/ECE-143-Team4

Analysis on data scraped from Glassdor

Primary LanguageJupyter Notebook

Analysis on data scraped from Glassdoor

We will scrape data from Glassdor first and then do some interesting analysis.

Requirements

Scraping

  1. Steps to scrape salary data:
  • First change director by cd Scraper/SalaryScraper and edit file salary_scraper_specific.py to include your Glassdor username and password.
  • Now run python salary_scraper_specific.py and wait till scraper stops.
  1. Steps to scrape review data:
  • First change director by cd Scraper/ReviewScraper, and then run command python run_all.py.

Data pre-processing

After we obtain review and salary data for each company, the next step is to merge these individual tables and pre-process to clean the outliers.
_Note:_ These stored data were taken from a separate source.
(* The category $\mathbf{AlgLPries}$ of algebraic L-spaces and coherent L-morphisms is a full subcategory of the category $\mathbf{ConLPries}$ of continuous L-spaces and proper L-morphisms.
   Context: A Priestley space is a Stone space $X$ with a partial order such that clopen upsets separate points. An L-space is a Priestley space in which the downset of each clopen set is clopen and the closure of each open upset is open. ${\sf ClopUp}(X)$ is the set of clopen upsets; $\mathrm{cl}$ denotes closure. An L-morphism is a continuous order-preserving map $f:X\to X'$ between L-spaces with $f^{-1}(\mathrm{cl}\,U)=\mathrm{cl}\,f^{-1}(U)$ for every open upset $U$ of $X'$. The spatial part of $X$ is $Y=\{y\in X\mid{\downarrow}y\text{ clopen}\}$. A Scott upset is a closed upset $F$ with $\min F\subseteq Y$; ${\sf ClopSUp}(X)$ is the set of clopen Scott upsets. For $U,V\in{\sf ClopUp}(X)$, $V\ll U$ means that for every open upset $W$, $U\subseteq\mathrm{cl}\,W$ implies $V\subseteq W$; $\ker U=\bigcup\{V\in{\sf ClopUp}(X)\mid V\ll U\}$; $\mathrm{core}\,U=\bigcup\{V\in{\sf ClopSUp}(X)\mid V\subseteq U\}$. $X$ is a continuous L-space if $\ker U$ is dense in $U$ for each $U\in{\sf ClopUp}(X)$, and an algebraic L-space if $\mathrm{core}\,U$ is dense in $U$ for each $U\in{\sf ClopUp}(X)$. An L-morphism $f:X_1\to X_2$ is proper if $f^{-1}(\ker U)\subseteq\ker f^{-1}(U)$, and coherent if $f^{-1}(\mathrm{core}\,U)\subseteq\mathrm{core}\,f^{-1}(U)$, for all $U\in{\sf ClopUp}(X_2)$. *)

From mathcomp Require Import all_boot all_order.
From mathcomp Require Import all_classical all_reals all_analysis.
Set Implicit Arguments. Unset Strict Implicit. Unset Printing Implicit Defensive.
Local Open Scope classical_set_scope.

Section LSpaces.
Context {X : topologicalType} (le : X -> X -> Prop).

Definition is_partial_order :=
  [/\ forall x, le x x,
      forall x y z, le x y -> le y z -> le x z &
      forall x y, le x y -> le y x -> x = y].

Definition upset (A : set X) := forall x y, A x -> le x y -> A y.

Definition downset_of (A : set X) : set X := [set y | exists2 x, A x & le y x].

Definition stone_space :=
  [/\ compact [set: X], hausdorff_space X & zero_dimensional X].

Definition priestley :=
  [/\ stone_space, is_partial_order &
      forall x y, ~ le x y -> exists U, [/\ clopen U, upset U, U x & ~ U y]].

Definition L_space :=
  [/\ priestley,
      forall A, clopen A -> clopen (downset_of A) &
      forall U, open U -> upset U -> open (closure U)].

Definition clop_up (U : set X) := clopen U /\ upset U.

Definition spatial : set X := [set y | clopen (downset_of [set y])].

Definition minimals (F : set X) : set X :=
  [set x | F x /\ forall z, F z -> le z x -> z = x].

Definition scott_upset (F : set X) :=
  [/\ closed F, upset F & minimals F `<=` spatial].

Definition clop_scott_up (U : set X) := clopen U /\ scott_upset U.

Definition way_below (V U : set X) :=
  forall W, open W -> upset W -> U `<=` closure W -> V `<=` W.

Definition ker (U : set X) : set X :=
  \bigcup_(V in [set V | clop_up V /\ way_below V U]) V.

Definition core (U : set X) : set X :=
  \bigcup_(V in [set V | clop_scott_up V /\ V `<=` U]) V.

(* "A is dense in U" : U is contained in the closure of A *)
Definition continuous_L_space :=
  L_space /\ forall U, clop_up U -> U `<=` closure (ker U).

Definition algebraic_L_space :=
  L_space /\ forall U, clop_up U -> U `<=` closure (core U).

End LSpaces.

Section Morphisms.
Context {X1 X2 : topologicalType} (le1 : X1 -> X1 -> Prop) (le2 : X2 -> X2 -> Prop).

Definition L_morphism (f : X1 -> X2) :=
  [/\ continuous f,
      forall x y, le1 x y -> le2 (f x) (f y) &
      forall U : set X2, open U -> upset le2 U ->
        f @^-1` (closure U) = closure (f @^-1` U)].

Definition proper_L_morphism (f : X1 -> X2) :=
  L_morphism f /\
  forall U, clop_up le2 U -> f @^-1` (ker le2 U) `<=` ker le1 (f @^-1` U).

Definition coherent_L_morphism (f : X1 -> X2) :=
  L_morphism f /\
  forall U, clop_up le2 U -> f @^-1` (core le2 U) `<=` core le1 (f @^-1` U).

End Morphisms.

(* Compactness and Zorn's lemma put a minimal point of a closed set below each
   of its points.  Hence a clopen Scott upset V contained in U is way below U:
   a point x of V lies above a minimal m of V, the downset of m is an open
   neighbourhood of m, so if U is inside the closure of an open upset W this
   neighbourhood meets W, and x is in W.  Thus core U is contained in ker U.
   Conversely core U is an open upset, and in an algebraic L-space U lies in
   its closure, so everything way below U lies in core U.  Hence ker = core on
   the clopen upsets of an algebraic L-space, which makes the space continuous
   and the properness and coherence conditions on a morphism identical. *)

From mathcomp Require Import all_boot all_order.
From mathcomp Require Import all_classical all_reals all_analysis.
Local Open Scope classical_set_scope.

Section Priestley.
Context {X : topologicalType} (le : X -> X -> Prop).
Hypothesis pri : priestley le.

Let le_refl x : le x x. Proof. by case: pri => _ [+ _ _]. Qed.

Let le_trans x y z : le x y -> le y z -> le x z.
Proof. by case: pri => _ [_ + _] _; apply. Qed.

Let le_anti x y : le x y -> le y x -> x = y.
Proof. by case: pri => _ [_ _ +] _; apply. Qed.

Let compactT : compact [set: X]. Proof. by case: pri => [[]]. Qed.

Let separation x y : ~ le x y -> exists U, [/\ clopen U, upset le U, U x & ~ U y].
Proof. by case: pri => _ _; apply. Qed.

Lemma closed_downset1 a : closed (downset_of le [set a]).
Proof.
rewrite -openC openE => y ya.
have nya : ~ le y a by move=> ?; apply: ya; exists a.
have [U [[oU _] uU Uy nUa]] := separation _ _ nya.
apply: filterS (open_nbhs_nbhs (conj oU Uy)) => z Uz [_ -> za].
exact/nUa/(uU _ _ Uz za).
Qed.

Lemma chain_lower_bound (C A : set X) :
  closed C -> A !=set0 -> A `<=` C -> total_on A le ->
  exists2 p, C p & forall a, A a -> le p a.
Proof.
move=> Ccl [a0 Aa0] AC Atot.
pose B a := C `&` downset_of le [set a].
have closedB a : closed (B a) by apply: closedI => //; exact: closed_downset1.
pose F := filter_from A B.
have FF : Filter F.
  apply: filter_from_filter; first by exists a0.
  move=> a b Aa Ab; have [ab|ba] := Atot _ _ Aa Ab.
  - exists a => // y [Cy [_ -> ya]].
    by split; split=> //; [exists a | exists b => //; exact: le_trans ya ab].
  - exists b => // y [Cy [_ -> yb]].
    by split; split=> //; [exists a => //; exact: le_trans yb ba | exists b].
have PF : ProperFilter F.
  by apply: filter_from_proper => // a Aa; exists a; split; [exact: AC | exists a].
have [p [_ clp]] := compactT F PF (ex_intro2 _ _ a0 Aa0 (fun _ _ => I)).
have Bp a : A a -> B a p.
  move: clp; rewrite clusterE => clp Aa.
  by rewrite (closure_id (B a)).1 //; apply: clp; exists a.
by exists p => [|a /Bp [_ [_ -> //]]]; case: (Bp _ Aa0).
Qed.

Lemma minimal_below {C : set X} {x : X} : closed C -> C x ->
  exists2 m, minimals le C m & le m x.
Proof.
move=> Ccl Cx; pose T := {y : X | C y /\ le y x}.
pose R : rel T := fun s t => `[< le (sval t) (sval s) >].
have [t tmax] : exists t : T, forall s, R t s -> s = t.
  apply: Zorn.
  - by move=> t; apply/asboolP.
  - by move=> r s t /asboolP rs /asboolP st; apply/asboolP; exact: le_trans st rs.
  - by move=> [s ?] [t ?] /asboolP st /asboolP ts; apply: eq_exist; exact: le_anti.
  - move=> A Atot; have [[s0 As0]|A0] := pselect (A !=set0); last first.
      by exists (exist _ x (conj Cx (le_refl x))) => s As; exfalso; apply: A0; exists s.
    have [|||p Cp pA] := @chain_lower_bound C (sval @` A) Ccl.
    - by exists (sval s0), s0.
    - by move=> _ [s _ <-]; case: (svalP s).
    - move=> _ _ [s As <-] [t At <-].
      by case: (Atot _ _ As At) => /asboolP; [right | left].
    have px : le p x by apply: le_trans (pA _ (imageP _ As0)) (svalP s0).2.
    by exists (exist _ p (conj Cp px)) => s As; apply/asboolP; apply/pA/imageP.
case: t tmax => m [Cm mx] mmax; exists m => //; split=> // z Cz zm.
have zx : le z x by exact: le_trans zm mx.
by have /(congr1 sval) := mmax (exist _ z (conj Cz zx)) (asboolT zm).
Qed.

Lemma clop_scott_up_way_below V U : clop_scott_up le V -> V `<=` U ->
  way_below le V U.
Proof.
move=> [[_ Vcl] [_ uV minV]] VU W oW uW UW x Vx.
have [m Vm mx] := minimal_below Vcl Vx.
have [downm_open _] := minV _ Vm.
have downm_m : downset_of le [set m] m by exists m.
have downm_nbhs := open_nbhs_nbhs (conj downm_open downm_m).
have [w [Ww [_ -> wm]]] := UW m (VU _ Vm.1) _ downm_nbhs.
exact: uW (uW _ _ Ww wm) mx.
Qed.

Lemma core_sub_ker U : core le U `<=` ker le U.
Proof.
move=> x [V [[cV sV] VU] Vx]; exists V => //; split.
  by split=> //; case: sV.
exact: clop_scott_up_way_below.
Qed.
End Priestley.

Section Algebraic.
Context {X : topologicalType} {le : X -> X -> Prop}.
Hypothesis alg : algebraic_L_space le.

Let pri : priestley le. Proof. by case: alg => [[]]. Qed.

Lemma ker_eq_core {U : set X} : clop_up le U -> ker le U = core le U.
Proof.
move=> cU; apply/seteqP; split; last exact: core_sub_ker.
move=> x [V [_ VU] Vx]; apply: (VU (core le U)) => //.
- by apply: bigcup_open => W [[[oW _] _] _].
- move=> a b [W [[cW sW] WU] Wa] ab; exists W; first by split.
  by case: sW => _ uW _; exact: uW Wa ab.
- exact: alg.2.
Qed.

Lemma algebraic_continuous_L_space : continuous_L_space le.
Proof. by split=> [|U cU]; [case: alg | rewrite ker_eq_core //; exact: alg.2]. Qed.

End Algebraic.

Lemma L_morphism_preimage_clop_up {X1 X2 : topologicalType}
    {le1 : X1 -> X1 -> Prop} {le2 : X2 -> X2 -> Prop} {f : X1 -> X2} {U : set X2} :
  L_morphism le1 le2 f -> clop_up le2 U -> clop_up le1 (f @^-1` U).
Proof.
case=> fc fmono _ [[oU clU] uU]; split; last by move=> a b Ua /fmono; exact: uU.
by split; [move/continuousP: fc; apply | move/continuous_closedP: fc; apply].
Qed.

Theorem theorem4p8 :
  (forall (X : topologicalType) (le : X -> X -> Prop),
      algebraic_L_space le -> continuous_L_space le) /\
  (forall (X1 X2 : topologicalType) (le1 : X1 -> X1 -> Prop)
          (le2 : X2 -> X2 -> Prop) (f : X1 -> X2),
      algebraic_L_space le1 -> algebraic_L_space le2 ->
      (coherent_L_morphism le1 le2 f <-> proper_L_morphism le1 le2 f)).
Proof.
split=> [X le|X1 X2 le1 le2 f alg1 alg2]; first exact: algebraic_continuous_L_space.
split=> -[Lf pres]; split=> // U cU;
  have cU1 := L_morphism_preimage_clop_up Lf cU.
- by rewrite (ker_eq_core alg2 cU) (ker_eq_core alg1 cU1); exact: pres.
- by rewrite -(ker_eq_core alg2 cU) -(ker_eq_core alg1 cU1); exact: pres.
Qed.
This stage generate following tables:

  • merge_reviews_table.csv
  • fulltime_merged_salaries_company_table.csv
  • intern_merged_salaries_company_table.csv

In order to generate above tables run python merge_table.py

Analysis

Our analysis procedure tries to answer following questions.

  • Which company offers the highest average salary?
  • Which field has more jobs?
  • Are interns paid generously?
  • Which job category provide the highest average salary?
  • Which state in US offers the most job opportunities?
  • Which city should you move if you are looking for a job?
  • How do employees rate their CEOs?
  • Will they recommend their company to their friends?
  • What feedback do employees give for the companies they are working?

These analysis can be seen by running demo.ipynb notebook.